My apologies if posted in the wrong forum and or website but long story short, I’m on a deadline to rig/locate/build/purchase some kind of intake/air filtration system onto a toy I picked up for my boys 10th bday this month and was hoping someone on here may have this motor or could help with some ideas..

Seems it’s a Tecumseh 8HP 
HMSK80-155642V 
(Prior snowblower motor as it’s 110v & pull start)

Missing everything from the carb filter side. Hoping to maybe run some sort of snorkel up towards the top of the buggy. I can’t seem to find an IPL I can view on a mobile (cellphone) application at the moment so not sure if there are available pieces I can order or should I attempt to machine & build custom.
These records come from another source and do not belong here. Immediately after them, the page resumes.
Lemma esc_weight_insert m : (m <= K)%N ->
  esc_weight mu (insert_alloc i w m) = base_weight * (nb_gamma r p * r * p).
Proof.
move=> mK; have [vz nz _ _ _] := insert_alloc_spec used_labelE mK.
have csizeE := csize_insert_alloc used_labelE mK.
rewrite esc_weight_valid // nz /base_weight mulrAC; congr (_ / _).
rewrite (@big_cat_nat _ _ _ m 0 K.+1) ?leqW // (@big_cat_nat _ _ _ m 0 K) //=.
rewrite (@big_ltn _ _ _ m K.+1) ?ltnS // big_add1 /= csizeE ltnn eqxx mu_fact1.
have -> : \prod_(0 <= l < m) mu_fact r p (csize (insert_alloc i w m) l) =
          \prod_(0 <= l < m) mu_fact r p (S l).
  by apply: eq_big_nat => l /andP[_ lm]; rewrite csizeE lm.
have -> : \prod_(m <= l < K) mu_fact r p (csize (insert_alloc i w m) l.+1) =
          \prod_(m <= l < K) mu_fact r p (S l).
  by apply: eq_big_nat => l /andP[ml _]; rewrite csizeE ltnNge ltnW //= gtn_eqF.
ring.
Qed.

End ConditionalWeights.

Section ConditionalSums.
Variables (R : realType) (r p : R) (n : nat).
Local Notation mu := (ztnb r p).

Lemma esc_probE (E : pred (alloc n)) :
  esc_prob mu E = (\sum_(z | E z) esc_weight mu z) / \sum_(z : alloc n) esc_weight mu z.
Proof. by rewrite /esc_prob /esc_pmf -mulr_suml. Qed.

Lemma sum_esc_weight_valid (E : pred (alloc n)) :
  \sum_(z | E z) esc_weight mu z = \sum_(z | valid_alloc z && E z) esc_weight mu z.
Proof.
rewrite (bigID (@valid_alloc n)) /= [X in _ + X]big1 ?addr0.
  by apply: eq_bigl => z; rewrite andbC.
by move=> z /andP[_ /negbTE nv]; rewrite /esc_weight nv.
Qed.

Variables (i : 'I_n) (w : 'I_n -> nat).
Local Notation K := (Kminus i w).
Local Notation S := (Sminus i w).
Hypothesis used_labelE : forall l, used_label i w l = (l < K)%N.

Lemma sum_esc_weight_join j : (j < K)%N ->
  \sum_(z | valid_alloc z && (zminus_is i w z && (zi_cluster i z == j)))
    esc_weight mu z = base_weight r p i w * ((r + (S j)%:R) * p).
Proof.
move=> jK; rewrite (big_pred1 (join_alloc i w j)) ?esc_weight_join // => z /=.
apply/idP/eqP => [/and3P[vz zw]|->]; last first.
  by have [-> _ _ -> ->] := join_alloc_spec used_labelE jK; rewrite eqxx.
rewrite (zi_cluster_zminus used_labelE) //; case: ifP => [_ /eqP jE|ns /eqP <-].
  by move: jK; rewrite -jE ltnn.
by case: (zminus_is_join used_labelE vz zw (negbT ns)).
Qed.

Lemma sum_esc_weight_new :
  \sum_(z | valid_alloc z && (zminus_is i w z && (zi_cluster i z == K)))
    esc_weight mu z = base_weight r p i w * (K.+1%:R * (nb_gamma r p * r * p)).
Proof.
have insert_inj : injective (fun m : 'I_K.+1 => insert_alloc i w m).
  move=> a b /(congr1 (fun z : alloc n => nat_of_ord (z i))); cbv beta.
  by rewrite !insert_allocE ?eqxx -1?ltnS // => /val_inj.
transitivity (\sum_(z in [set insert_alloc i w m | m : 'I_K.+1]) esc_weight mu z).
  apply: eq_bigl => z; apply/and3P/imsetP => [[vz zw]|[m _ ->]].
    rewrite (zi_cluster_zminus used_labelE) //; case: ifP => [sg _|ns /eqP ziK].
      have [zE ziK] := zminus_is_insert used_labelE vz zw sg.
      by exists (Ordinal (ziK : (z i < K.+1)%N)).
    have [_ ziK'] := zminus_is_join used_labelE vz zw (negbT ns).
    by move: ziK'; rewrite ziK ltnn.
  have mK : (m <= K)%N by rewrite -ltnS.
  by have [-> _ _ -> ->] := insert_alloc_spec used_labelE mK.
rewrite big_imset /=; last exact: in2W.
rewrite (eq_bigr (fun _ => base_weight r p i w * (nb_gamma r p * r * p))).
  by rewrite sumr_const card_ord -mulr_natr; ring.
by move=> m _; rewrite esc_weight_insert // -ltnS.
Qed.

Lemma sum_esc_weight_gt j : (K < j)%N ->
  \sum_(z | valid_alloc z && (zminus_is i w z && (zi_cluster i z == j)))
    esc_weight mu z = 0.
Proof.
move=> Kj; rewrite big1 // => z /and3P[vz zw].
rewrite (zi_cluster_zminus used_labelE) //; case: ifP => [_|ns /eqP ziE].
  by rewrite ltn_eqF.
have [_ ziK] := zminus_is_join used_labelE vz zw (negbT ns).
by move: Kj; rewrite -ziE ltnNge ltnW.
Qed.

End ConditionalSums.

Theorem mainTheorem6 (R : realType) (r p : R) (hr : 0 < r)
    (hp0 : 0 < p) (hp1 : p < 1) (n : nat) (i : 'I_n) (w : 'I_n -> nat) :
  let mu := ztnb r p in
  let B := zminus_is i w in
  let K := Kminus i w in
  0 < esc_prob mu B ->
  exists c : R, forall j : nat,
    esc_prob mu (fun z => B z && (zi_cluster i z == j)) / esc_prob mu B =
    c * (if (j < K)%N then (Sminus i w j)%:R + r
         else if j == K then (K.+1)%:R * nb_gamma r p * r
         else 0).
Proof.
move=> mu B K; rewrite {}/mu {}/B {}/K => B_gt0.
have [z0 /andP[vz0 zw0]|none] := pickP (fun z : alloc n => valid_alloc z && zminus_is i w z).
  have used_labelE := used_label_zminus vz0 zw0.
  set Z := \sum_(z : alloc n) esc_weight (ztnb r p) z.
  exists (base_weight r p i w * p / Z / esc_prob (ztnb r p) (zminus_is i w)) => j.
  rewrite esc_probE sum_esc_weight_valid.
  have [jK|Kj|->] := ltngtP j (Kminus i w).
  - by rewrite sum_esc_weight_join //; ring.
  - by rewrite sum_esc_weight_gt // !(mul0r, mulr0).
  - by rewrite sum_esc_weight_new //; ring.
(* otherwise no allocation realises z_{-i} = w and B has probability 0 *)
by move: B_gt0; rewrite esc_probE sum_esc_weight_valid big_pred0 ?mul0r ?ltxx.
Qed.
Any ideas welcome, go kart adaptation is new to me. What would you do??

Thanks in advance !


----------



## Ted Jenkins (May 10, 2018)

Ebay has hundreds of assemblies for your motor. Thanks


----------



## ironman_gq (May 10, 2018)

It's not missing, the snowblowers never had a filter just a shroud that was wide open on the bottom. Should be able to easily find a flange with a spigot mount for a cheap cone filter.


----------



## boltonranger (May 10, 2018)

This is what you’re looking for. 
Pm me and I’ll get the address for you.


----------



## CsClimbr (May 11, 2018)

Awesome! Perfect!


----------



## boltonranger (May 13, 2018)

Pm sent. X2


----------



## CsClimbr (May 30, 2018)

boltonranger said:


> Pm sent. X2



Thanks again man!


----------



## boltonranger (May 30, 2018)

You’re very welcome. 
Post how the project turns out.


----------



## CsClimbr (May 30, 2018)

A bit custom of a fit to clear the choke lever so I’m not sure if maybe there is an extension flange option but a short piece of hose and longer screws worked temporarily till I cut up the other included plate and rig some kind of snorkel.
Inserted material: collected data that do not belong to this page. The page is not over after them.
Definition Acent : {set {perm X}} := [set a in A | expo (lift (a x0)) == 1 %[mod N]].

Lemma Acent_group_set : group_set Acent.
Proof.
apply/group_setP; split.
  by rewrite inE group1 perm1 lift_x0; apply/eqP; apply: expo1.
move=> a b; rewrite !inE => /andP[aA /eqP Ea] /andP[bA /eqP Eb]; rewrite groupM //=.
set c := lift (a x0); have cG : c \in G by apply: liftG.
have cb : c (b x0) = (a * b) x0 by rewrite expo_affine // expo_trivial // liftE permM.
by apply/eqP; rewrite -cb liftM // expoM ?liftG // -modnMm Eb Ea modnMm.
Qed.

Canonical Acent_group := Group Acent_group_set.

Lemma Acent_sub : Acent \subset A.
Proof. by apply/subsetP => a; rewrite inE => /andP[]. Qed.

Lemma Acent_cong a b : a \in A -> b \in A ->
  expo (lift (a x0)) = expo (lift (b x0)) %[mod N] -> a * b^-1 \in Acent.
Proof.
move=> aA bA eW.
set e := lift (b x0); have eG : e \in G by apply: liftG.
have [c cA cx] := A_trans (e^-1 (a x0)).
have cAcent : c \in Acent.
  rewrite inE cA cx liftM ?groupV // expoM ?liftG ?groupV //.
  rewrite -modnMml eW modnMml -expoM ?groupV // mulgV; apply/eqP; apply: expo1.
have ae : a = b * c ^+ expo e.
  apply: A_reg => //; first by rewrite groupM ?groupX.
  by rewrite permM -{1}(liftE (b x0)) -/e -expo_affine // cx permKV.
have bc : commute b (c ^+ expo e) by apply: (centsP A_abelian); rewrite ?groupX.
by rewrite ae bc -mulgA mulgV mulg1 groupX.
Qed.

Lemma alpha_norm : alpha \in 'N(Acent).
Proof. exact: subsetP (sub_abelian_norm A_abelian Acent_sub) _ alphaA. Qed.

Local Notation d := #[coset Acent_group alpha].

Lemma Acent_mod m m' : (alpha ^+ m * (alpha ^+ m')^-1 \in Acent) = (m == m' %[mod d]).
Proof.
have aN := alpha_norm.
rewrite -eq_expg_mod_order eq_mulgV1 -!morphX // -morphV ?groupX //.
rewrite -morphM ?groupV ?groupX //.
apply/idP/idP => [xD | /eqP x1]; first by apply/eqP; apply: coset_id.
by apply: coset_idr; rewrite // groupM ?groupV ?groupX.
Qed.

Lemma d_dvd : d %| N.
Proof. by rewrite -ord_alpha; apply: morph_order; apply: alpha_norm. Qed.

Definition uexp (k : nat) : nat := expo (lift ((alpha ^+ k) x0)).

Lemma lift_alpha j k :
  lift ((alpha ^+ j) x0) ((alpha ^+ k) x0) = (alpha ^+ (j + k * uexp j)) x0.
Proof. by rewrite expo_affine ?liftG ?groupX ?alphaA // liftE -expgnA expgD permM. Qed.

Lemma uexp_mul j k : uexp (j + k * uexp j) = uexp k * uexp j %[mod N].
Proof. by rewrite /uexp -lift_alpha liftM ?liftG // expoM ?liftG. Qed.

(* Comparing lift (alpha^k x0) * lift (alpha x0) with its reverse. *)
Lemma uexp_affine k : k + uexp k = 1 + k * uexp 1 %[mod d].
Proof.
apply/eqP; rewrite -Acent_mod; apply: Acent_cong; rewrite ?groupX ?alphaA //.
have := uexp_mul k 1; rewrite mul1n /uexp => ->.
by have := uexp_mul 1 k; rewrite /uexp => ->; rewrite mulnC.
Qed.

Lemma uexp1 : uexp 1 = 1 %[mod d].
Proof.
apply: affine_unit_mod sqf d_dvd _ uexp_affine => k.
exact/expo_coprime/liftG.
Qed.

Lemma expo_mod_d g : g \in G -> expo g = 1 %[mod d].
Proof.
move=> gG; have [a aA ax] := A_trans (g x0).
move: aA; rewrite alphaE => /cycleP[k ak]; rewrite ak in ax.
have -> : g = lift ((alpha ^+ k) x0) by rewrite ax lift_uniq.
apply/eqP; rewrite -(eqn_modDl k) -/(uexp k); apply/eqP.
by rewrite uexp_affine -modnDmr -modnMmr uexp1 modnMmr modnDmr muln1 addnC.
Qed.

Lemma sigma_lift z : sigma z = lift (rhoP z x0).
Proof. by rewrite rhoPE /rho lift_x0 invg1 !perm1 lift_uniq ?sigmaG. Qed.

Lemma expo_sigma x : expo (sigma x) = expo (sigma x0) %[mod N].
Proof.
set r := rhoP x0; have rA : r \in A by apply: rhoA.
have rxE : rhoP x = r ^+ expo (lift x).
  by rewrite -expo_conj ?liftG // /r rhoP_conj ?liftG // liftE.
set c := rhoP x * r^-1.
have cAcent : c \in Acent.
  move: rA; rewrite alphaE => /cycleP[i ri].
  rewrite /c rxE ri -expgnA Acent_mod.
  by rewrite -modnMmr expo_mod_d ?liftG // modnMmr muln1.
have cA : c \in A by apply: (subsetP Acent_sub).
have rx : rhoP x = c * r by rewrite /c mulgKV.
rewrite !sigma_lift rx.
set e := lift (c x0); have eG : e \in G by apply: liftG.
have Ee : expo e = 1 %[mod N] by move: cAcent; rewrite inE => /andP[_ /eqP].
have er : e (r x0) = (c * r) x0 by rewrite expo_affine // expo_trivial // liftE permM.
by rewrite -er liftM // expoM ?liftG // -modnMmr Ee modnMmr muln1.
Qed.

Lemma ret_trivial2 : ret_trivial sigma 2.
Proof.
move=> x y /=; apply/forallP => z; apply/forallP => w; apply/eqP.
suff -> : sigma (sigma x z) = sigma (sigma y z) by [].
rewrite (sigma_lift (sigma x z)) (sigma_lift (sigma y z)); congr (lift (_ x0)).
rewrite -(rhoP_conj z (sigmaG x)) -(rhoP_conj z (sigmaG y)) !expo_conj ?sigmaG ?rhoA //.
have : rhoP z \in <[alpha]> by rewrite -alphaE rhoA.
case/cycleP => i ->; rewrite -!expgnA.
suff /eqP -> : alpha ^+ (i * expo (sigma x)) == alpha ^+ (i * expo (sigma y)) by [].
rewrite eq_expg_mod_order ord_alpha.
by rewrite -modnMmr expo_sigma modnMmr -[X in _ == X]modnMmr expo_sigma modnMmr.
Qed.

End RegularSolution.
(* With |X| = p_1 ... p_n squarefree, |G| <= |X| would make G regular and
   the level at most 2 < n. *)
Unset Implicit Arguments.
Theorem mainTheorem10 (n : nat) (p : 'I_n -> nat) (X : finType)
    (sigma gamma : X -> {perm X}) :
  (2 < n)%N ->
  (forall i, prime (p i)) ->
  injective p ->
  is_solution sigma gamma ->
  indecomposable sigma ->
  #|X| = (\prod_(i < n) p i)%N ->
  multipermutation sigma ->
  mp_level sigma n ->
  (\prod_(i < n) p i < #|ybe_group sigma|)%N.
Proof.
move=> n_gt2 pP pI sol trans cardX _ [_ _ not_lower].
have sqf : squarefree #|X| by rewrite cardX; apply: squarefree_prod_primes.
have [x0 _] := card_gt0P (squarefree_gt0 sqf).
rewrite -cardX ltnNge; apply/negP => Gle.
have regG : {in ybe_group sigma &, injective (fun g : {perm X} => g x0)}.
  exact: transitive_small_regular trans Gle.
by apply: (not_lower 2); [rewrite n_gt2 | exact (ret_trivial2 sol trans regG sqf)].
Qed.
Perfect for now to keep debris out tho


----------



## boltonranger (May 31, 2018)

Looks good!
There are other choke levers that are able to clear your air filter housing available. Like this one that I googled:


----------



## CsClimbr (May 31, 2018)

boltonranger said:


> View attachment 655240
> Looks good!
> There are other choke levers that are able to clear your air filter housing available. Like this one that I googled:



Good to know! That armature was inhibiting the filter housing also (with the red handle) and the shutdown (green wire) isn’t attached so I plan to run a shut-down switch up front. Slowly figuring this mess out that the last owner created.

They couldn’t get it running but I found the fuel line running thru the motor was completely blocked somehow so I rerouted a new line, filter & fuel cutoff and rebuilt the carb and she fired right up with fresh gas. Gonna pickup a new chain and motor mount hardware this week to re-align the motor & sprocket better as the chain binds.

It’ll be an ongoing project but always up for a challenge


----------



## boltonranger (May 31, 2018)

Fuel line was sometimes that way so that on a snowblower the fuel line wouldn’t freeze if there was water in the gas. Engine heat would keep it warm. 
Not necessary if you’re running in above zero temps. Better off away from the cylinder.


----------



## CsClimbr (May 31, 2018)

boltonranger said:


> Fuel line was sometimes that way so that on a snowblower the fuel line wouldn’t freeze if there was water in the gas. Engine heat would keep it warm.
> Not necessary if you’re running in above zero temps. Better off away from the cylinder.



Nice, routed it down and around the motor & it works fine. Still thinking I should replace the purge line and bulb


----------



## CsClimbr (Jun 2, 2018)

Thanks for the help all! B-day boy loves it!


----------